** Task prompt **
In the listing below, find the line that contains "(forall g n, N" and the line that contains "Local Open Scope ring_scope.". Quote both and every line between them, exactly, and nothing more.

** Supplied information **
════════════════════

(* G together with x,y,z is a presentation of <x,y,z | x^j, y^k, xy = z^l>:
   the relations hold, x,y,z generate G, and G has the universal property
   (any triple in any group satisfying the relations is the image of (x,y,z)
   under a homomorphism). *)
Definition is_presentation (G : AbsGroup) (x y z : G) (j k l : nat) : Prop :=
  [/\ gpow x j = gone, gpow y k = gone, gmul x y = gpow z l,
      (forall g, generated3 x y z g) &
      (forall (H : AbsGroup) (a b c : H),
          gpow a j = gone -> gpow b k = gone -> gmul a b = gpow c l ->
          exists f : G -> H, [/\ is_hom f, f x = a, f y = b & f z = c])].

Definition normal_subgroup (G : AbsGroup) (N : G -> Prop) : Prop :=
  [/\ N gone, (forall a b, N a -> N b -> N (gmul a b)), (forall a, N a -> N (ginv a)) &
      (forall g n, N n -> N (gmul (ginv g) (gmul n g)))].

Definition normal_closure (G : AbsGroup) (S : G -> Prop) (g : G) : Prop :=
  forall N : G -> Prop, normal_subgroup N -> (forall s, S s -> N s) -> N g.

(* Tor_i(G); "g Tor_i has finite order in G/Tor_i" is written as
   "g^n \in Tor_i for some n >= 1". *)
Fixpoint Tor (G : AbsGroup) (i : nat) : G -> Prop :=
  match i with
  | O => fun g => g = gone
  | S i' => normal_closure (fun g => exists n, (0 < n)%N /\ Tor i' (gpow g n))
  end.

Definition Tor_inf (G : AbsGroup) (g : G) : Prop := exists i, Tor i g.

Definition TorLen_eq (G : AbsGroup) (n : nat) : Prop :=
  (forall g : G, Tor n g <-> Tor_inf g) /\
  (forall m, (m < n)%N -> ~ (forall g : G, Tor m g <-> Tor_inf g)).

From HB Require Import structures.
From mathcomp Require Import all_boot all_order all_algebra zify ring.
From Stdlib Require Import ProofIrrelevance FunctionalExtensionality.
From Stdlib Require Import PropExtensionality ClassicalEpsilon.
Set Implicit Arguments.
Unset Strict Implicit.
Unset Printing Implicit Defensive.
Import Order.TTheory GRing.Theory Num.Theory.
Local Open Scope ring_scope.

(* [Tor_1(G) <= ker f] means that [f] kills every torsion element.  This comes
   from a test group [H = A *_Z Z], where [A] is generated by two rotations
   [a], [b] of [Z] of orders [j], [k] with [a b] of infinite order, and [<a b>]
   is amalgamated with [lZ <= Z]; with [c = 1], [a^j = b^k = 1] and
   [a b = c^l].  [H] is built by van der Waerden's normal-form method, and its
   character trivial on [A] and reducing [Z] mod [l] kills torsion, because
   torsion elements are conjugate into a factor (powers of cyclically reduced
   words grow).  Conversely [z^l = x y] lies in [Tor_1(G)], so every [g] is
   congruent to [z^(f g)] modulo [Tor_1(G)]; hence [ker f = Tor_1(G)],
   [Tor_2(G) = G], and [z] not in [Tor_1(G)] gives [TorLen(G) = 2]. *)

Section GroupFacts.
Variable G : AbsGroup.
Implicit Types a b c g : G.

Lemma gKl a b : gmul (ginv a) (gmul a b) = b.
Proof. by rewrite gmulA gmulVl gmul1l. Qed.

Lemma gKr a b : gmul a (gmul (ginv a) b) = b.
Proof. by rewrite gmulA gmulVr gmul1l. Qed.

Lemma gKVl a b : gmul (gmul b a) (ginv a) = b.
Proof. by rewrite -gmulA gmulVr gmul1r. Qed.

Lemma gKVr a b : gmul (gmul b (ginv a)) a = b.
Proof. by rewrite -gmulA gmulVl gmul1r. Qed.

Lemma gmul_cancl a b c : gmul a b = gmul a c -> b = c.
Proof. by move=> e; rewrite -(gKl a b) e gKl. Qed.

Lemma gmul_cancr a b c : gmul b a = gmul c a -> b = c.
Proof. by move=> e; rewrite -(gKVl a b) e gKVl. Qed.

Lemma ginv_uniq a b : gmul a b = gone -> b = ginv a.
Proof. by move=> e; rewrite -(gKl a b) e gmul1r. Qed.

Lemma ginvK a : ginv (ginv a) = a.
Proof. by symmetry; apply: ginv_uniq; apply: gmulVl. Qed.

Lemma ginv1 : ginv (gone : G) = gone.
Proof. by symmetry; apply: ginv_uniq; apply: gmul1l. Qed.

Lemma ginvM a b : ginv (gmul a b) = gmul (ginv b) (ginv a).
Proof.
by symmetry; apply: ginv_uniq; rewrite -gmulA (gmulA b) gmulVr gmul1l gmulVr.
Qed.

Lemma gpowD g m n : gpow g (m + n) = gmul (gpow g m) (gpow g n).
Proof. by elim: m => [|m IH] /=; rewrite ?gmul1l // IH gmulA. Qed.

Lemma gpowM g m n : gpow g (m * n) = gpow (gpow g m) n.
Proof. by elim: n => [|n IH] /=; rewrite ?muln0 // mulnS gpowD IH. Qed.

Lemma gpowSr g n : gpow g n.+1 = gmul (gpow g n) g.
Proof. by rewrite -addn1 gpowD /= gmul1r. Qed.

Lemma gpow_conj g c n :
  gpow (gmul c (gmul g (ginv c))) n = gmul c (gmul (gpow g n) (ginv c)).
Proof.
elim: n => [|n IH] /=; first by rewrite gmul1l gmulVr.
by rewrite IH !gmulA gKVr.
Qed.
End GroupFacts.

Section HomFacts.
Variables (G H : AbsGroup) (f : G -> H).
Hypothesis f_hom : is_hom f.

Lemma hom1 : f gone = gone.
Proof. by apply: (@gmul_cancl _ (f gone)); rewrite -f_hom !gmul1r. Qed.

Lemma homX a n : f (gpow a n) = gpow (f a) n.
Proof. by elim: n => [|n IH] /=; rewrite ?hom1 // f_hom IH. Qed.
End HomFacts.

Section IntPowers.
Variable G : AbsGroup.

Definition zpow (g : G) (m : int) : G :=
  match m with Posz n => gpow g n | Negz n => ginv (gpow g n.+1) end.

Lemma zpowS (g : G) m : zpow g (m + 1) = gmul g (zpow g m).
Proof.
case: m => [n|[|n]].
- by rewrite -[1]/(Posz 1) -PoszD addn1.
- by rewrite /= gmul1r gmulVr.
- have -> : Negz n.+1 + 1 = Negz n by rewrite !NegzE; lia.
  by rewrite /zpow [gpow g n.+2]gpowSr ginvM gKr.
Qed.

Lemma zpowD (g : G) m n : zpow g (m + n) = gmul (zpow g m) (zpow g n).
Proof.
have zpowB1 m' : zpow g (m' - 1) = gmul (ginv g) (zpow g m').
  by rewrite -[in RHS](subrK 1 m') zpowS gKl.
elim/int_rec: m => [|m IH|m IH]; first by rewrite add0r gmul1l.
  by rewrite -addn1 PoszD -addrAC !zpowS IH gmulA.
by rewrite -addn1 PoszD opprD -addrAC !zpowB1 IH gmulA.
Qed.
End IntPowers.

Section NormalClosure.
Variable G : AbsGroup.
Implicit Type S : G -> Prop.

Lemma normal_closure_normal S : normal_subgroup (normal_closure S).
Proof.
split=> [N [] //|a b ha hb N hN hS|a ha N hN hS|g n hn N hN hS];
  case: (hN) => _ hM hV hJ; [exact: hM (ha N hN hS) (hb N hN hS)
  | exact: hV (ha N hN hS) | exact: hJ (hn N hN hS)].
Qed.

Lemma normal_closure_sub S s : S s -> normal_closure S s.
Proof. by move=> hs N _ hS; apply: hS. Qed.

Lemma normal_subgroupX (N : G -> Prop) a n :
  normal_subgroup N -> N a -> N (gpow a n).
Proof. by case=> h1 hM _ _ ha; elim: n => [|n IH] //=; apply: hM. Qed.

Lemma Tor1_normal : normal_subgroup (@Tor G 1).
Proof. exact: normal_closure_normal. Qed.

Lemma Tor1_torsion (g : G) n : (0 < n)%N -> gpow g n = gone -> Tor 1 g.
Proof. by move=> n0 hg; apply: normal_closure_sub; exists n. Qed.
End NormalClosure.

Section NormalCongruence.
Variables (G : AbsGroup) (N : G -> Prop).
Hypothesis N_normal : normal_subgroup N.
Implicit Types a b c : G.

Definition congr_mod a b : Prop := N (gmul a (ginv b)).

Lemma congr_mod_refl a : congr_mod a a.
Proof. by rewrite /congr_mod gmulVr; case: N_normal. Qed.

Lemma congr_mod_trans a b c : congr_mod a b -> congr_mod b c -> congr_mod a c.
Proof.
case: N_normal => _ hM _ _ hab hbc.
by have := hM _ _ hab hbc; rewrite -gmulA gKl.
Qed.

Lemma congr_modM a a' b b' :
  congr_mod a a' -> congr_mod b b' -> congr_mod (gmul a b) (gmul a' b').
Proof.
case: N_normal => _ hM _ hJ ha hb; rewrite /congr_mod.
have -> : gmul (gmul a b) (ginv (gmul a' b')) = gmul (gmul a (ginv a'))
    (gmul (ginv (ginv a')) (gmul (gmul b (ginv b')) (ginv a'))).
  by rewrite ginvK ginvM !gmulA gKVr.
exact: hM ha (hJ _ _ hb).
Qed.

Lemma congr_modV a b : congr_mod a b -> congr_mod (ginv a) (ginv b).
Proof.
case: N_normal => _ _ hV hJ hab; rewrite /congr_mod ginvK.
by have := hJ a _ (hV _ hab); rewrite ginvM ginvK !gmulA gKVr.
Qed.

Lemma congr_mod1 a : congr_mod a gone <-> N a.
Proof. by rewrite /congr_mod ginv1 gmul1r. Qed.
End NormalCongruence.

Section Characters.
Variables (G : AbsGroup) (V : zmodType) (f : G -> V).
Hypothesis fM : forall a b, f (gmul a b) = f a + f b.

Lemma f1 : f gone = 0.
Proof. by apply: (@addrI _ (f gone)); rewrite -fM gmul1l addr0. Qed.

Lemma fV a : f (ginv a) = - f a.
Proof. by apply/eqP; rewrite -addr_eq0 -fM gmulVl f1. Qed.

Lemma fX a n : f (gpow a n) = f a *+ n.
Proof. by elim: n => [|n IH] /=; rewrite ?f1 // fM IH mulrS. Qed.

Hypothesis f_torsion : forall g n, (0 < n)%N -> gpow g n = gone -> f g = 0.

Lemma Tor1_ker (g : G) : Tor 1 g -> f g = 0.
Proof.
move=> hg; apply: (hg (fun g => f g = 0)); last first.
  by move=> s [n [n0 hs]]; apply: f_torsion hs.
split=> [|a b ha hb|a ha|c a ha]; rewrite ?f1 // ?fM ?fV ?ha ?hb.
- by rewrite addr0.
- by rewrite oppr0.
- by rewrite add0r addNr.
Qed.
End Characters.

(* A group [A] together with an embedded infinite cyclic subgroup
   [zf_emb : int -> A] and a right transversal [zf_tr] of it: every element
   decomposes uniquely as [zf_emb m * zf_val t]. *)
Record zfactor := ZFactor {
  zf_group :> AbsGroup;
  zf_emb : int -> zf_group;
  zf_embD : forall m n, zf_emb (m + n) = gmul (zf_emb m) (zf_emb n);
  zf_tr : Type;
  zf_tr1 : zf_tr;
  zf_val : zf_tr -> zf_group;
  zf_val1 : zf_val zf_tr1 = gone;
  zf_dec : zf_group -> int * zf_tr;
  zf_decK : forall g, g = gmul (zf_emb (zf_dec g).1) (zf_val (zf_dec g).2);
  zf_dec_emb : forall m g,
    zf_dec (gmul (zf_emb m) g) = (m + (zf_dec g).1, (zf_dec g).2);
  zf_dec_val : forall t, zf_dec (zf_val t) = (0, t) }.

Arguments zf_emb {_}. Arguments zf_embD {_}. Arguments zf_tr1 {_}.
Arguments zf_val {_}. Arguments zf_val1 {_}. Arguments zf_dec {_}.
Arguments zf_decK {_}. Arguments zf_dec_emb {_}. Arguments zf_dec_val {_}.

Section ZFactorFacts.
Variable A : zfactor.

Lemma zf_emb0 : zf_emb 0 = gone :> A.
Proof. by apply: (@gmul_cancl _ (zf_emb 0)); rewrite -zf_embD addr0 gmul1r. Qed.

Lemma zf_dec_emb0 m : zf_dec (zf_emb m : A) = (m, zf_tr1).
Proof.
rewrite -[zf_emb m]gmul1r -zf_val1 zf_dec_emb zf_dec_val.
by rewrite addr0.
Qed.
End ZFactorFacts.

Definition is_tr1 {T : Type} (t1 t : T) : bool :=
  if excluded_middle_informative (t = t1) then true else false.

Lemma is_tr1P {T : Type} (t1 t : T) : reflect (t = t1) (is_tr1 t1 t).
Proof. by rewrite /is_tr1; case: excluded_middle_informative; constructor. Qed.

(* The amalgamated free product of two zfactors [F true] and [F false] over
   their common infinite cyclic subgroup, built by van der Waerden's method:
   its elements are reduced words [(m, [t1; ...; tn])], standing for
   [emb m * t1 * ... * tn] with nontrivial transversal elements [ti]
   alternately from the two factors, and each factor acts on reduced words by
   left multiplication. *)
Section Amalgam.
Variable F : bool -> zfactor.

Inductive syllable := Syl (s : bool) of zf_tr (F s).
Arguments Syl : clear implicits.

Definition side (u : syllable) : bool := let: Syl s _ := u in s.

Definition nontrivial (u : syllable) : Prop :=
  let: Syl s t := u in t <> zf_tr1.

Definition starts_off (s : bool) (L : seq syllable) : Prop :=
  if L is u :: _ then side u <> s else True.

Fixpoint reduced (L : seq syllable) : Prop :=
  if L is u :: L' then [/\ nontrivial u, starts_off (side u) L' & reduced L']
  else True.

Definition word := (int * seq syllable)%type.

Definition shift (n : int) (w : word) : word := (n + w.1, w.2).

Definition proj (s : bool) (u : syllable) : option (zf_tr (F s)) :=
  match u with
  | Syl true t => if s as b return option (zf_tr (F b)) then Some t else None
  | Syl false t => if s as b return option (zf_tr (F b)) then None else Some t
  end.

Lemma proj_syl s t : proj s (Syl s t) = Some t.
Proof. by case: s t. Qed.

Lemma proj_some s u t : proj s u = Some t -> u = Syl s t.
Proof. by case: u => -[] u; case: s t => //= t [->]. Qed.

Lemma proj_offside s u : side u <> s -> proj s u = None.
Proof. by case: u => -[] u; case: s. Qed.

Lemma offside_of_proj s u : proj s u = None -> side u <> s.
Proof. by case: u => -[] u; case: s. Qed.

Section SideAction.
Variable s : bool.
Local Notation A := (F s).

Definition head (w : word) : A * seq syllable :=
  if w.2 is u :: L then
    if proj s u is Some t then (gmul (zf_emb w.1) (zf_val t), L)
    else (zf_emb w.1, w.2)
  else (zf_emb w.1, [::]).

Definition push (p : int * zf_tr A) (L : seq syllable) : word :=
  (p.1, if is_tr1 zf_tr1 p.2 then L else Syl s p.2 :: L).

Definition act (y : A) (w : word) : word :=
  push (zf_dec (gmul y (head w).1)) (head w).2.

════════════════════

** Response to the task **
      (forall g n, N n -> N (gmul (ginv g) (gmul n g)))].

Definition normal_closure (G : AbsGroup) (S : G -> Prop) (g : G) : Prop :=
  forall N : G -> Prop, normal_subgroup N -> (forall s, S s -> N s) -> N g.

(* Tor_i(G); "g Tor_i has finite order in G/Tor_i" is written as
   "g^n \in Tor_i for some n >= 1". *)
Fixpoint Tor (G : AbsGroup) (i : nat) : G -> Prop :=
  match i with
  | O => fun g => g = gone
  | S i' => normal_closure (fun g => exists n, (0 < n)%N /\ Tor i' (gpow g n))
  end.

Definition Tor_inf (G : AbsGroup) (g : G) : Prop := exists i, Tor i g.

Definition TorLen_eq (G : AbsGroup) (n : nat) : Prop :=
  (forall g : G, Tor n g <-> Tor_inf g) /\
  (forall m, (m < n)%N -> ~ (forall g : G, Tor m g <-> Tor_inf g)).

From HB Require Import structures.
From mathcomp Require Import all_boot all_order all_algebra zify ring.
From Stdlib Require Import ProofIrrelevance FunctionalExtensionality.
From Stdlib Require Import PropExtensionality ClassicalEpsilon.
Set Implicit Arguments.
Unset Strict Implicit.
Unset Printing Implicit Defensive.
Import Order.TTheory GRing.Theory Num.Theory.
Local Open Scope ring_scope.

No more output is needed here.